EXERCISE INSTRUCTIONS
In the entries that follow, the first line to write out is the one containing "-> formula AP -> formula AP", and the last is the one containing "-> kmu K s p". Reproduce that stretch exactly, with nothing before or after it.

(Collected data entries)
******************************

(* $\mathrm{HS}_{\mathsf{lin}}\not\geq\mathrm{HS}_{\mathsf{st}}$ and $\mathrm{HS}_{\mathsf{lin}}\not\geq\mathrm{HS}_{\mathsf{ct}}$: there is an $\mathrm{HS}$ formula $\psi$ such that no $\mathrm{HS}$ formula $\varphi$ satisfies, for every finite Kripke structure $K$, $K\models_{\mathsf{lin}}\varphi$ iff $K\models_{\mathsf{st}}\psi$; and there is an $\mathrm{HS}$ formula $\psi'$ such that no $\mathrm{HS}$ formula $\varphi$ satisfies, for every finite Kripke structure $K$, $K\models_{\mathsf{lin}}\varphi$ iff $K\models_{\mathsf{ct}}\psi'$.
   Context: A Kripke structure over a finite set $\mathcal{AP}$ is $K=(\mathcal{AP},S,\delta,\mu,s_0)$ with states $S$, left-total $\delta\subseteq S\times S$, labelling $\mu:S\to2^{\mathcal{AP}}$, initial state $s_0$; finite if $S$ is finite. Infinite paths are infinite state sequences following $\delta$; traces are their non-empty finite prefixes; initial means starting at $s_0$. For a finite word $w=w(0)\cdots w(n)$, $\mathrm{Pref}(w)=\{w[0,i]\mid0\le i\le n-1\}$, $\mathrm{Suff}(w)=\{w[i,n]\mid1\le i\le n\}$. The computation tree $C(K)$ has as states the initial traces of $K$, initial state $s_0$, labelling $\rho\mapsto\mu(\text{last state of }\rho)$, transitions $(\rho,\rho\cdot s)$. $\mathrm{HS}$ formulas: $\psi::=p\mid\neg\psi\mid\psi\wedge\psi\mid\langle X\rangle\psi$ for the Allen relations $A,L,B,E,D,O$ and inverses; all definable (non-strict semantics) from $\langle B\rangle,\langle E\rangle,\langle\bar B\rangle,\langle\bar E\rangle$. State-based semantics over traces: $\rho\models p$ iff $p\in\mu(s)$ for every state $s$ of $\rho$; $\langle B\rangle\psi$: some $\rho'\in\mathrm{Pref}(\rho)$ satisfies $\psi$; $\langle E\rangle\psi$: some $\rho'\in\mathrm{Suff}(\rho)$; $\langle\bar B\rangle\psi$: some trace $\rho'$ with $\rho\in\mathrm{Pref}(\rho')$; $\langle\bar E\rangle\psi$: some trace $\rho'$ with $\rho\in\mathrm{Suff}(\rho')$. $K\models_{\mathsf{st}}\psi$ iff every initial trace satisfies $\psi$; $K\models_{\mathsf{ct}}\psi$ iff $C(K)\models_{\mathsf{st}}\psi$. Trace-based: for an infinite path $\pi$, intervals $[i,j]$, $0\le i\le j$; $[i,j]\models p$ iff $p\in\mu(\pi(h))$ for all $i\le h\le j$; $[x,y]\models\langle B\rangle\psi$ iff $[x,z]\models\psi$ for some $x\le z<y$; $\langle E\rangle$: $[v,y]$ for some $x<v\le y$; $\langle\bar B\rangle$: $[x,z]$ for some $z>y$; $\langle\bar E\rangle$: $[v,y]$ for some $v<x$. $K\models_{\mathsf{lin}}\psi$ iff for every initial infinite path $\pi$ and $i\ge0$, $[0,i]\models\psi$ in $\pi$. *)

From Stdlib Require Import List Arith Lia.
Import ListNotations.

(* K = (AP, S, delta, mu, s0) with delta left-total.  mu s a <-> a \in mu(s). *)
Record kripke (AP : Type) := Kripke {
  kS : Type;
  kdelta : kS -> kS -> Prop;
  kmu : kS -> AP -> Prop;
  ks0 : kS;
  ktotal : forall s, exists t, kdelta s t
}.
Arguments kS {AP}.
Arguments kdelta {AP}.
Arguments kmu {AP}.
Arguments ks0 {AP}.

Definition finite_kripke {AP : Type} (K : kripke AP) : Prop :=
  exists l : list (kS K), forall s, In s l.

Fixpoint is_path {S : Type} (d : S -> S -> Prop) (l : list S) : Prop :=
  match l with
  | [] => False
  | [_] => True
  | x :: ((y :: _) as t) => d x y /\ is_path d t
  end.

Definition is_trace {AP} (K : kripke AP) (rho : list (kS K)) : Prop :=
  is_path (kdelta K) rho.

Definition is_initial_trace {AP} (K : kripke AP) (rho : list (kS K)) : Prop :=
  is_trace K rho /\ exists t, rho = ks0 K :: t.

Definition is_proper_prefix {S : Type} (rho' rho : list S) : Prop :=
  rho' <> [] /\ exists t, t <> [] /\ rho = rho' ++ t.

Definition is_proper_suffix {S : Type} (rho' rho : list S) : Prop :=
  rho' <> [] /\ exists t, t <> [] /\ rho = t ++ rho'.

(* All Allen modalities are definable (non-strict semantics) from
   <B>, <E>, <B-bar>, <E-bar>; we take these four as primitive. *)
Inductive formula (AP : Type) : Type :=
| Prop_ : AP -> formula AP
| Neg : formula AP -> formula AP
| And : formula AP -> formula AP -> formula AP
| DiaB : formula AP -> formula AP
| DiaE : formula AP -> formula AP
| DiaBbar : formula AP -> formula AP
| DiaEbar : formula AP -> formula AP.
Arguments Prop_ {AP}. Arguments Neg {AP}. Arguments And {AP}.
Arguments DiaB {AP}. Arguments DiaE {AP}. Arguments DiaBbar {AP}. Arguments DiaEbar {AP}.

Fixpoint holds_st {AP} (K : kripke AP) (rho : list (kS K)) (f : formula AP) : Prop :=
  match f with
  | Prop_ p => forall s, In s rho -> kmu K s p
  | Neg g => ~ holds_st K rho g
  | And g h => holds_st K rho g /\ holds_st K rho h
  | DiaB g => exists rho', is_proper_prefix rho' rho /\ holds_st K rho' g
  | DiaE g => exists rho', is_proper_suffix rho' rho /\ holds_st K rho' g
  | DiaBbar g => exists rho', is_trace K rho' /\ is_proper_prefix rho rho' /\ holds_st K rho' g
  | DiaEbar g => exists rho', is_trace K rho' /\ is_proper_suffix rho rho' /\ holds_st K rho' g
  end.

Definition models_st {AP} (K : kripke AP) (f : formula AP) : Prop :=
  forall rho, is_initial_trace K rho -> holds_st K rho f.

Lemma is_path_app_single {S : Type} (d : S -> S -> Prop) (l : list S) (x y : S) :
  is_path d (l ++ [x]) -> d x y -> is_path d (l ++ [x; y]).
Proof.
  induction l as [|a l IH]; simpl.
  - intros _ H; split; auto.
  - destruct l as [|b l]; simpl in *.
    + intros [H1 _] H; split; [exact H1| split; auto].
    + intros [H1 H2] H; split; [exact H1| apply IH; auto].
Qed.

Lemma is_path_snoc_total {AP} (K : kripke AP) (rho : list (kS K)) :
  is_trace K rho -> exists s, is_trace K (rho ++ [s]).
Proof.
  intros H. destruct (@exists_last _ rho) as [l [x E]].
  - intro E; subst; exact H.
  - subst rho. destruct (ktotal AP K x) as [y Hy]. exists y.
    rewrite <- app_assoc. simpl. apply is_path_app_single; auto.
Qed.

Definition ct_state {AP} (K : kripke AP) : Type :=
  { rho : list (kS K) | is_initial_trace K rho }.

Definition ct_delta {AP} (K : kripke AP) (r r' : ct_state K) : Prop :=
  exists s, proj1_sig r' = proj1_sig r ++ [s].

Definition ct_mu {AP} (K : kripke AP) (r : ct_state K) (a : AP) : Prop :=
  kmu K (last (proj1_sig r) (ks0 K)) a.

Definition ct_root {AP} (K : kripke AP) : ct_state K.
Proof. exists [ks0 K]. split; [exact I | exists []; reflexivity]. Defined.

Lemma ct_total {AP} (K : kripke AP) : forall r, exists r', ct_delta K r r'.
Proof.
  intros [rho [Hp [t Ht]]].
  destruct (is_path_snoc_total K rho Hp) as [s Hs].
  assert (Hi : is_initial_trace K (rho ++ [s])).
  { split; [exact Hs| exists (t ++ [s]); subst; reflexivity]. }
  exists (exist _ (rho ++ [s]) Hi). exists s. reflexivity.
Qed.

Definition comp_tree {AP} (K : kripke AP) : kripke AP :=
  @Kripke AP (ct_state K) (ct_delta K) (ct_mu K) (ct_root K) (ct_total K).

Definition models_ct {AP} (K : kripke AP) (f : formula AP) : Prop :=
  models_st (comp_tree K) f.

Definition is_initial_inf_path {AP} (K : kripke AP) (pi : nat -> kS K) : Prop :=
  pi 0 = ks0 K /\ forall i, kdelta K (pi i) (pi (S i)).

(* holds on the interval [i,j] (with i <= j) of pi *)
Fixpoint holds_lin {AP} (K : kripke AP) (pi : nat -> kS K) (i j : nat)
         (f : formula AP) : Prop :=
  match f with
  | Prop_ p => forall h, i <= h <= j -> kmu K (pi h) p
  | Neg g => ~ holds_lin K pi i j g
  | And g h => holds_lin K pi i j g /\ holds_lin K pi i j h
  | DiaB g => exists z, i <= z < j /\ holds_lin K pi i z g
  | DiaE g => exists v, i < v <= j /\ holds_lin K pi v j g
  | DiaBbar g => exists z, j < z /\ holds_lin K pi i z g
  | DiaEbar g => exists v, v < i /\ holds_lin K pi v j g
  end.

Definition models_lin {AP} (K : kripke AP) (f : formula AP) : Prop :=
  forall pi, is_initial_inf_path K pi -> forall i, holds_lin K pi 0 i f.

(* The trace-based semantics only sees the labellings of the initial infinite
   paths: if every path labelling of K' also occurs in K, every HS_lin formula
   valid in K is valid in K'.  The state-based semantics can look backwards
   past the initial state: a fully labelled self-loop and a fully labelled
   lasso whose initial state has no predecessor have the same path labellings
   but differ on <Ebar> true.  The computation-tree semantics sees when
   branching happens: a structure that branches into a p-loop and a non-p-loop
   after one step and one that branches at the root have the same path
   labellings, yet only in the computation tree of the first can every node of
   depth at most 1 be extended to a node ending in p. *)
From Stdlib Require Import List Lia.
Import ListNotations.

******************************

RESULT
| And : formula AP -> formula AP -> formula AP
| DiaB : formula AP -> formula AP
| DiaE : formula AP -> formula AP
| DiaBbar : formula AP -> formula AP
| DiaEbar : formula AP -> formula AP.
Arguments Prop_ {AP}. Arguments Neg {AP}. Arguments And {AP}.
Arguments DiaB {AP}. Arguments DiaE {AP}. Arguments DiaBbar {AP}. Arguments DiaEbar {AP}.

Fixpoint holds_st {AP} (K : kripke AP) (rho : list (kS K)) (f : formula AP) : Prop :=
  match f with
  | Prop_ p => forall s, In s rho -> kmu K s p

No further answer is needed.